Recently, also some work (see e.g. [5]) is seen in machine learning that tailor interventions using reinforcement learning: how can we support the user better towards his/her goals? Here, learning quickly from only a few data points is also key to avoid the disengagement of the user.

4  What are the research challenges?

There are still many opportunities for research, here are a few we consider to be of importance:

1. personalize applications: often, the current research focus is on prediction that are rarely used to inform decisions. In future, the focus should shift towards learning how to best support the user based on the data we collect and the feedback we obtain from the user. We should to this safely (i.e. not provide harmful suggestions) and efficiently (with limited experiences needed per user).

2. handle heterogeneity: we should be able to learn across different devices with different capabilities and sensors and also learn over different users. Additionally, if users carry multiple devices at the same time, they should act in a symphony, e.g. providing a message on a smart watch rather than on a phone when a person is in a meeting.

3. more effective predictive modeling: currently a lot of effort is spent on identifying useful features, effort should focus on deriving the most informative ones automatically (e.g. using deep learning). In addition, embedding of domain knowledge to avoid learning known information, exploiting the temporal patterns better, and also being able to explain the resulting models are key to bring the domain further.

4. do validation: while there are lots of apps that exploit the data from the quantified self, very few are evidence-based (cf. [6]). The effectiveness of apps should be studied better, possibly using more modern forms of evaluation such as A/B testing rather than the classical randomized controlled trials.

5  Conclusions

The area of Machine Learning for the Quantified Self is a challenging and exciting area within Artificial Intelligence. It comes with its own unique characteristics, resulting in lots of open issues that still need to be addressed. Of course, these developments will also come from closely related fields and cooperation will be mutually beneficial. An example is the area of predictive models using Electronic Medical Records, which exhibit strong similarities in terms of the type of data and the goals.

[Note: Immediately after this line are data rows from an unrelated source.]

Lemma exists_off_S2 (f g : F -> V) t0 : injective f -> {in predC1 t0 &, injective g} ->
  exists t, [&& t != t0, f t \notin S & g t \notin S].
Proof.
move=> f_inj g_inj.
have [|t _] := @avoid_card _ predT
  ([set t0] :|: [set t in predT | f t \in S] :|: [set t in predC1 t0 | g t \in S]).
  apply: (leq_ltn_trans (leq_card_setU _ _)).
  apply: (@leq_ltn_trans (1 + #|S| + #|S|)); last by rewrite card_F; lia.
  apply: leq_add; last exact: card_preim_le.
  apply: leq_trans (leq_card_setU _ _) _.
  by rewrite cards1 leq_add2l; apply: card_preim_le; apply: in2W.
rewrite !in_setU in_set1 !inE /= => /norP[/norP[tt0 ft]]; rewrite tt0 /= => gt.
by exists t; rewrite tt0 ft gt.
Qed.

Lemma edge_off_S u v : incidence u v -> u \notin S -> v \notin S -> path_off_S u v.
Proof. by move=> uv uS vS; apply: connect1; rewrite /= uv uS vS. Qed.

Definition line_through (x y m : F) := line m (y - m * x).

Lemma incidence_line_through x y m : incidence (point x y) (line_through x y m).
Proof. by rewrite /incidence /on_line /=; apply/eqP; ring. Qed.

Lemma line_through_inj x y : injective (line_through x y).
Proof. by move=> m m' [->]. Qed.

Definition meet (m1 c1 m c : F) := let x := (c - c1) / (m1 - m) in point x (m1 * x + c1).

Lemma incidence_meet_left m1 c1 m c : incidence (line m1 c1) (meet m1 c1 m c).
Proof. by rewrite /incidence /on_line /=. Qed.

Lemma incidence_meet_right m1 c1 m c : m != m1 -> incidence (meet m1 c1 m c) (line m c).
Proof.
move=> mm1; rewrite /incidence /on_line /=; set x := (c - c1) / (m1 - m).
have ex : (m1 - m) * x = c - c1 by rewrite mulrC divfK // subr_eq0 eq_sym.
rewrite -subr_eq0; apply/eqP.
by transitivity ((m1 - m) * x - (c - c1)); [ring | rewrite ex subrr].
Qed.

Lemma points_off_S_connected x1 y1 x2 y2 :
  point x1 y1 \notin S -> point x2 y2 \notin S -> path_off_S (point x1 y1) (point x2 y2).
Proof.
move=> P1S P2S; have [m1 L1S] := exists_off_S (@line_through_inj x1 y1).
have P1L1 := incidence_line_through x1 y1 m1.
apply: connect_trans (edge_off_S P1L1 P1S L1S) _.
rewrite /line_through in L1S P1L1 *; set c1 := y1 - m1 * x1 in L1S P1L1 *.
have [P2L1|P2L1] := boolP (incidence (line m1 c1) (point x2 y2)); first exact: edge_off_S.
pose X m := meet m1 c1 m (y2 - m * x2).
have X_inj : {in predC1 m1 &, injective X}.
  move=> m m' mm1 m'm1 Xmm'; apply/eqP; apply: contraNT P2L1 => mm'.
  have <- : X m = point x2 y2.
    apply: (@incidence_codegree (line_through x2 y2 m) (line_through x2 y2 m')).
    - by rewrite (inj_eq (@line_through_inj x2 y2)).
    - by rewrite incidence_sym; apply: incidence_meet_right.
    - by rewrite Xmm' incidence_sym; apply: incidence_meet_right.
    - by rewrite incidence_sym; apply: incidence_line_through.
    - by rewrite incidence_sym; apply: incidence_line_through.
  exact: incidence_meet_left.
have [m2 /and3P[m21 L2S XS]] := exists_off_S2 (@line_through_inj x2 y2) X_inj.
apply: connect_trans (edge_off_S (incidence_meet_left _ _ _ _) L1S XS) _.
apply: connect_trans (edge_off_S (incidence_meet_right _ _ m21) XS L2S) _.
by apply: edge_off_S L2S P2S; rewrite incidence_sym incidence_line_through.
Qed.

Lemma off_S_connected u v : u \notin S -> v \notin S -> path_off_S u v.
Proof.
have to_point w : w \notin S -> exists x y, point x y \notin S /\ path_off_S w (point x y).
  case: w => -[] [a b] wS; last by exists a, b; split=> //; apply: connect0.
  have [t tS] := exists_off_S (@nbr_map_inj (line a b)).
  by exists t, (a * t + b); split=> //; apply: edge_off_S tS; rewrite /incidence /on_line /=.
have sym : connect_sym (avoiding incidence S).
  by apply: sym_connect_sym => a b /=; rewrite incidence_sym (andbC (a \notin S)).
move=> uS vS; have [x1 [y1 [P1S uP1]]] := to_point u uS; have [x2 [y2 [P2S vP2]]] := to_point v vS.
apply: connect_trans uP1 _; apply: connect_trans (points_off_S_connected P1S P2S) _.
by rewrite sym.
Qed.

End Connectivity.

End BiaffinePlane.

(** * Four-cycles *)

Definition PhiC4 := FEx 0 (FEx 1 (FAnd (FNot (FEq 0 1)) (FEx 2 (FEx 3 (FAnd (FNot (FEq 2 3))
  (FAnd (FAdj 0 2) (FAnd (FAdj 2 1) (FAnd (FAdj 1 3) (FAdj 3 0))))))))).

Lemma PhiC4_defines : defines Pkappa C4 PhiC4.
Proof.
split; first by case=> [|[|[|[|x]]]].
exists 0 => G _ _; rewrite containsC4P /models /=; split.
  case=> a [c [ac [b [d [bd [ab [bc [cd da]]]]]]]]; exists a, b, c, d; split=> //.
  apply: uniq4; [exact: gadj_neq ab | exact/eqP | rewrite eq_sym; exact: gadj_neq da |
                 exact: gadj_neq bc | exact/eqP | exact: gadj_neq cd].
case=> a [b [c [d [+ ab bc cd da]]]]; rewrite /= !inE !negb_or.
case/and4P=> /and3P[_ /eqP ac _] /andP[_ /eqP bd] _ _.
by exists a, c; split=> //; exists b, d.
Qed.

Section BiaffinePair.
Variables (p : nat) (p_prime : prime p).

Definition biaffine_graph extra := graph_of (@biaffine_sym p extra) (@biaffine_irr p extra).

Lemma biaffine_graph_kconnected extra K : 0 < K -> 2 * K <= p ->
  kconnected (biaffine_graph extra) K.
Proof.
move=> K_gt0 Kp; apply: graph_of_kconnected => [|S SK x y].
  by rewrite K_gt0 card_plane //; nia.
rewrite !inE => xS yS; have S_small : 2 * #|S| + 1 < p by lia.
apply: connect_sub (off_S_connected p_prime S_small xS yS) => a b /and3P[ab aS bS].
by apply: connect1; rewrite /= aS bS incidence_biaffine.
Qed.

[1] Mark Hoogendoorn and Burkhardt Funk. Machine Learning for the Quantified Self – On the Art of Learning from Sensory Data. Springer, 2017.

[2] Melanie Swan. The Quantified Self: Fundamental Disruption in Big Data Science and Biological Discovery. Big Data, 1(2):85–99, jun 2013.

[3] Ling Bao and Stephen S. Intille. Activity Recognition from User-Annotated Acceleration Data. Pervasive Computing, pages 1 – 17, 2004.

[4] Oscar D. Lara and Miguel a. Labrador. A Survey on Human Activity Recognition using Wearable Sensors. IEEE Communications Surveys & Tutorials, 15(3):1192–1209, 2013.

[5] Huitian Lei, Ambuj Tewari, and Susan Murphy. An actor–critic contextual bandit algorithm for personalized interventions using mobile devices. Advances in Neural Information Processing Systems, 27, 2014.

[6] Anouk Middelweerd, Julia S Mollee, C Natalie van der Wal, Johannes Brug, and Saskia J te Velde. Apps to promote physical activity among adults: a review and content analysis. International journal of behavioral nutrition and physical activity, 11(1):97, 2014.